▸ **How to complete this task**:
Using the data below, return all lines in which "blocked" appears.

Stored data entries

----

(* For every $r\ge 1$ and $k\ge 1$ there exists $n_0=n_0(r,k)$ such that for every $n>n_0$ the following holds. Let $[n]^r$ denote the complete $r$-partite $r$-uniform hypergraph with $r$ disjoint sides $V_1,\ldots,V_r$, each of size $n$, whose edges are all $r$-sets meeting each $V_j$ in exactly one vertex. If $F_1,\ldots,F_k\subseteq [n]^r$ satisfy $|F_i|>(k-1)n^{r-1}$ for all $i\le k$, then there exist pairwise disjoint edges $e_1,\ldots,e_k$ with $e_i\in F_i$ for every $i$ (a rainbow matching).
   Context: A rainbow matching for a collection $(F_1,\ldots,F_k)$ of hypergraphs is a choice of pairwise disjoint edges $e_i\in F_i$, one from each $F_i$. *)

From mathcomp Require Import all_boot.
Set Implicit Arguments. Unset Strict Implicit. Unset Printing Implicit Defensive.

(* Vertex set: 'I_r * 'I_n, the pair (j, v) being vertex v of side V_j.
   An edge meets each side in exactly one vertex, so it is determined by
   a function f : 'I_r -> 'I_n; its vertex set is {(j, f j) | j}. *)
Definition rpart_edge (r n : nat) := {ffun 'I_r -> 'I_n}.

Definition edge_vertices (r n : nat) (e : rpart_edge r n) : {set 'I_r * 'I_n} :=
  [set (j, e j) | j : 'I_r].

Definition disjoint_edges (r n : nat) (e f : rpart_edge r n) : bool :=
  [disjoint edge_vertices e & edge_vertices f].

Definition rainbow_matching (r n k : nat) (F : 'I_k -> {set rpart_edge r n})
    (e : 'I_k -> rpart_edge r n) : Prop :=
  (forall i, e i \in F i) /\
  (forall i j, i != j -> disjoint_edges (e i) (e j)).

From mathcomp Require Import all_boot zify.
Set Implicit Arguments. Unset Strict Implicit. Unset Printing Implicit Defensive.

(* Induction on k. In [n]^r a vertex lies in D = n^(r-1) edges and two vertices
   of different sides in G = n^(r-2) edges; n > r^2 k gives r^2 (k-1) G <= D.
   If some F_p has more than r k G edges through a vertex x, delete the edges
   through x from the other families and match those by induction: the matched
   edges avoid x, so each of them meets at most r G edges through x, and some
   edge of F_p through x meets none of them. Otherwise every vertex has degree
   at most r k G in every family, so an arbitrary edge g of F_0 meets at most
   r^2 k G <= D edges of each other family; delete those and recurse. Either
   way every other family loses at most D edges, which the induction affords. *)

Lemma leq_card_bigcup (I T : finType) (P : pred I) (A : I -> {set T}) :
  #|\bigcup_(i | P i) A i| <= \sum_(i | P i) #|A i|.
Proof.
elim/big_rec2: _ => [|i B s _ IH]; first by rewrite cards0.
by rewrite (leq_trans (leq_card_setU _ _)) // leq_add2l.
Qed.

Section Stars.
Variables r n : nat.
Implicit Types (e f g : rpart_edge r n) (A : {set rpart_edge r n}).

Definition star (j : 'I_r) (v : 'I_n) : {set rpart_edge r n} :=
  [set f : rpart_edge r n | f j == v].

Definition meeting g : {set rpart_edge r n} :=
  [set f : rpart_edge r n | ~~ disjoint_edges g f].

Lemma disjoint_edgesP e f : reflect (forall j, e j != f j) (disjoint_edges e f).
Proof.
apply: (iffP pred0P) => [dis j | neq [j v] /=].
  apply/eqP => efj; have := dis (j, e j); rewrite /= /edge_vertices.
  by rewrite (imset_f (fun l => (l, e l))) // efj (imset_f (fun l => (l, f l))).
apply/negbTE/andP => -[/imsetP[l _ [-> ->]] /imsetP[l' _ [<- efl]]].
by move: (neq l); rewrite efl eqxx.
Qed.

Lemma disjoint_edges_sym e f : disjoint_edges e f = disjoint_edges f e.
Proof. exact: disjoint_sym. Qed.

Lemma meetingE g : meeting g = \bigcup_(l : 'I_r) star l (g l).
Proof.
apply/setP => f; rewrite inE; apply/idP/bigcupP => [meet|[l _]].
  case: (pickP (fun l => g l == f l)) => [l glf|none].
    by exists l; rewrite // inE eq_sym.
  by move/negP: meet; case; apply/disjoint_edgesP => l; rewrite none.
by rewrite inE => /eqP flg; apply/negP => /disjoint_edgesP/(_ l); rewrite flg eqxx.
Qed.

Lemma card_bigcap_star (J : {set 'I_r}) (w : 'I_r -> 'I_n) :
  #|\bigcap_(j in J) star j (w j)| = n ^ #|~: J|.
Proof.
rewrite (@eq_card _ _ (family (fun j => if j \in J then pred1 (w j) else predT))).
  rewrite card_family foldrE big_map big_enum -prod_nat_const [RHS]big_mkcond /=.
  by apply: eq_bigr => j _; rewrite inE; case: (j \in J); rewrite ?card1 ?card_ord.
move=> f; rewrite inE; apply/bigcapP/familyP => [fw j | fw j Jj].
  by case: ifPn => [/fw|_] //; rewrite inE.
by have := fw j; rewrite Jj !inE.
Qed.

Lemma card_star j v : #|star j v| = n ^ (r - 1).
Proof.
have -> : star j v = \bigcap_(x in [set j]) star x v by rewrite big_set1.
rewrite card_bigcap_star; congr (_ ^ _).
by rewrite cardsCs setCK cards1 card_ord.
Qed.

Lemma card_star2 j l v w : j != l -> #|star j v :&: star l w| = n ^ (r - 2).
Proof.
move=> jl; have := card_bigcap_star [set j; l] (fun x => if x == j then v else w).
rewrite big_setU1 ?inE // big_set1 eqxx eq_sym (negbTE jl) => ->; congr (_ ^ _).
by rewrite cardsCs setCK cards2 jl card_ord.
Qed.

Lemma card_meeting_le A g d :
  (forall j v, #|A :&: star j v| <= d) -> #|A :&: meeting g| <= r * d.
Proof.
move=> deg_le; rewrite meetingE big_distrr /=.
apply: leq_trans (leq_card_bigcup _ _) _.
apply: (@leq_trans (\sum_(j < r) d)); first by apply: leq_sum => j _.
by rewrite sum_nat_const card_ord.
Qed.

Section Codegree.
Variable G : nat.
Hypothesis codeg_le : forall j l v w, j != l -> #|star j v :&: star l w| <= G.

Lemma card_star_meeting_le j v e : e j != v -> #|star j v :&: meeting e| <= r * G.
Proof.
move=> ejv; rewrite meetingE big_distrr /= (bigD1 j) //=.
have -> : star j v :&: star j (e j) = set0.
  by apply/setP => f; rewrite !inE; case: eqP => // ->; rewrite eq_sym (negbTE ejv).
rewrite set0U; apply: leq_trans (leq_card_bigcup _ _) _.
apply: (@leq_trans (\sum_(l | l != j) G)).
  by apply: leq_sum => l lj; rewrite codeg_le 1?eq_sym.
by rewrite sum_nat_const leq_mul2r -[X in _ <= X]card_ord max_card orbT.
Qed.

End Codegree.
End Stars.

Lemma cardsD_gt (T : finType) (A B : {set T}) k D :
  0 < k -> k * D < #|A| -> #|A :&: B| <= D -> (k - 1) * D < #|A :\: B|.
Proof. by move=> k_gt0; rewrite cardsD mulnBl mul1n; nia. Qed.

Lemma rainbow_matching_subset r n k (F F' : 'I_k -> {set rpart_edge r n}) e :
  (forall i, F' i \subset F i) -> rainbow_matching F' e -> rainbow_matching F e.
Proof. by move=> sF'F [eF' e_disj]; split=> // i; apply: subsetP (eF' i). Qed.

Lemma rainbow_matching_lift r n k (F : 'I_k.+1 -> {set rpart_edge r n}) p g e' :
  g \in F p -> rainbow_matching (fun i => F (lift p i)) e' ->
  (forall i, disjoint_edges g (e' i)) -> exists e, rainbow_matching F e.
Proof.
move=> gF [e'F e'_disj] g_disj.
exists (fun i => if unlift p i is Some i' then e' i' else g); split.
  by move=> i; case: unliftP => [i' ->|->].
move=> i j; case: unliftP => [i' ->|->]; case: unliftP => [j' ->|->] //.
- by move=> ij; apply: e'_disj; apply: contraNneq ij => ->.
- by rewrite disjoint_edges_sym.
- by rewrite eqxx.
Qed.

Section Greedy.
Variables r n D G : nat.
Hypothesis star_le : forall (j : 'I_r) (v : 'I_n), #|star j v| <= D.
Hypothesis codeg_le :
  forall (j l : 'I_r) (v w : 'I_n), j != l -> #|star j v :&: star l w| <= G.

Section Step.
Variable k : nat.
Hypothesis kD : r * (r * k * G) <= D.
Hypothesis IH : forall F : 'I_k -> {set rpart_edge r n},
  (forall i, (k - 1) * D < #|F i|) -> exists e, rainbow_matching F e.
Variable F : 'I_k.+1 -> {set rpart_edge r n}.
Hypothesis F_large : forall i, k * D < #|F i|.

Let rainbow_matching_lift_setD (X : {set rpart_edge r n}) p :
  (forall i, #|F (lift p i) :&: X| <= D) ->
  exists e', rainbow_matching (fun i => F (lift p i) :\: X) e'.
Proof.
move=> X_small; apply: IH => i.
by apply: cardsD_gt (F_large _) (X_small i); apply: leq_ltn_trans (ltn_ord i).
Qed.

Lemma rainbow_step_high_degree p j v :
  r * k * G < #|F p :&: star j v| -> exists e, rainbow_matching F e.
Proof.
move=> high.
have [e' e'_match] : exists e', rainbow_matching (fun i => F (lift p i) :\: star j v) e'.
  apply: rainbow_matching_lift_setD => i.
  by apply: leq_trans (star_le j v); apply/subset_leq_card/subsetIr.
have e'_off i : e' i j != v by have := e'_match.1 i; rewrite !inE => /andP[].
have blocked : #|star j v :&: \bigcup_(i < k) meeting (e' i)| <= k * (r * G).
  rewrite big_distrr /=; apply: leq_trans (leq_card_bigcup _ _) _.
  apply: (@leq_trans (\sum_(i < k) (r * G))); last by rewrite sum_nat_const card_ord.
  by apply: leq_sum => i _; apply: card_star_meeting_le.
have : 0 < #|(F p :&: star j v) :\: \bigcup_(i < k) meeting (e' i)|.
  rewrite cardsD subn_gt0 -setIA; apply: leq_ltn_trans (subset_leq_card (subsetIr _ _)) _.
  by apply: leq_ltn_trans blocked _; rewrite mulnCA mulnA.
case/card_gt0P => g /setDP[/setIP[gF _] g_free].
apply: (rainbow_matching_lift gF (rainbow_matching_subset _ e'_match)) => i.
  exact: subsetDl.
rewrite disjoint_edges_sym; apply: contraR g_free => meet.
by apply/bigcupP; exists i; rewrite // inE.
Qed.

Lemma rainbow_step_low_degree :
  (forall p j v, #|F p :&: star j v| <= r * k * G) -> exists e, rainbow_matching F e.
Proof.
move=> low.
have [g gF] : exists g, g \in F ord0 by apply/card_gt0P; apply: leq_ltn_trans (F_large _).
have [e' e'_match] : exists e', rainbow_matching (fun i => F (lift ord0 i) :\: meeting g) e'.
  by apply: rainbow_matching_lift_setD => i; apply: leq_trans kD; apply: card_meeting_le.
apply: (rainbow_matching_lift gF (rainbow_matching_subset _ e'_match)) => i.
  exact: subsetDl.
by have := e'_match.1 i; rewrite !inE negbK => /andP[].
Qed.

End Step.

Lemma rainbow_matching_of_degree_bounds k :
  r * (r * (k - 1) * G) <= D -> forall F : 'I_k -> {set rpart_edge r n},
  (forall i, (k - 1) * D < #|F i|) -> exists e, rainbow_matching F e.
Proof.
elim: k => [|k IH] kD F F_large.
  by exists (fun i : 'I_0 => match notF (ltn_ord i) with end); split=> -[].
rewrite subSS subn0 in kD F_large.
have kD' : r * (r * (k - 1) * G) <= D by apply: leq_trans kD; nia.
case: (pickP (fun x : 'I_k.+1 * 'I_r * 'I_n => r * k * G < #|F x.1.1 :&: star x.1.2 x.2|)).
  by move=> [[p j] v] /= high; apply: rainbow_step_high_degree high => //; exact: IH kD'.
move=> low; apply: rainbow_step_low_degree => //; first exact: IH kD'.
by move=> p j v; rewrite leqNgt (low (p, j, v)).
Qed.

End Greedy.

Theorem theorem9p1 (r k : nat) : 1 <= r -> 1 <= k ->
  exists n0 : nat, forall n : nat, n0 < n ->
    forall F : 'I_k -> {set rpart_edge r n},
      (forall i, (k - 1) * n ^ (r - 1) < #|F i|) ->
      exists e : 'I_k -> rpart_edge r n, rainbow_matching F e.
Proof.
move=> r_gt0 _; exists (r * r * k) => n n_large F F_large.
have star_le (j : 'I_r) (v : 'I_n) : #|star j v| <= n ^ (r - 1) by rewrite card_star.
have [r_gt1 | r_le1] := ltnP 1 r.
  apply: (rainbow_matching_of_degree_bounds (G := n ^ (r - 2)) star_le) => //.
    by move=> j l v w jl; rewrite card_star2.
  have -> : r - 1 = (r - 2).+1 by lia.
  by rewrite expnS mulnA leq_mul2r; apply/orP; right; nia.
have r1 : r = 1 by lia.
apply: (rainbow_matching_of_degree_bounds (G := 0) star_le) => //; last by rewrite !muln0.
by subst r => j l v w; rewrite (ord1 j) (ord1 l) eqxx.
Qed.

----

▸ **Response to the task**:
have blocked : #|star j v :&: \bigcup_(i < k) meeting (e' i)| <= k * (r * G).
  by apply: leq_ltn_trans blocked _; rewrite mulnCA mulnA.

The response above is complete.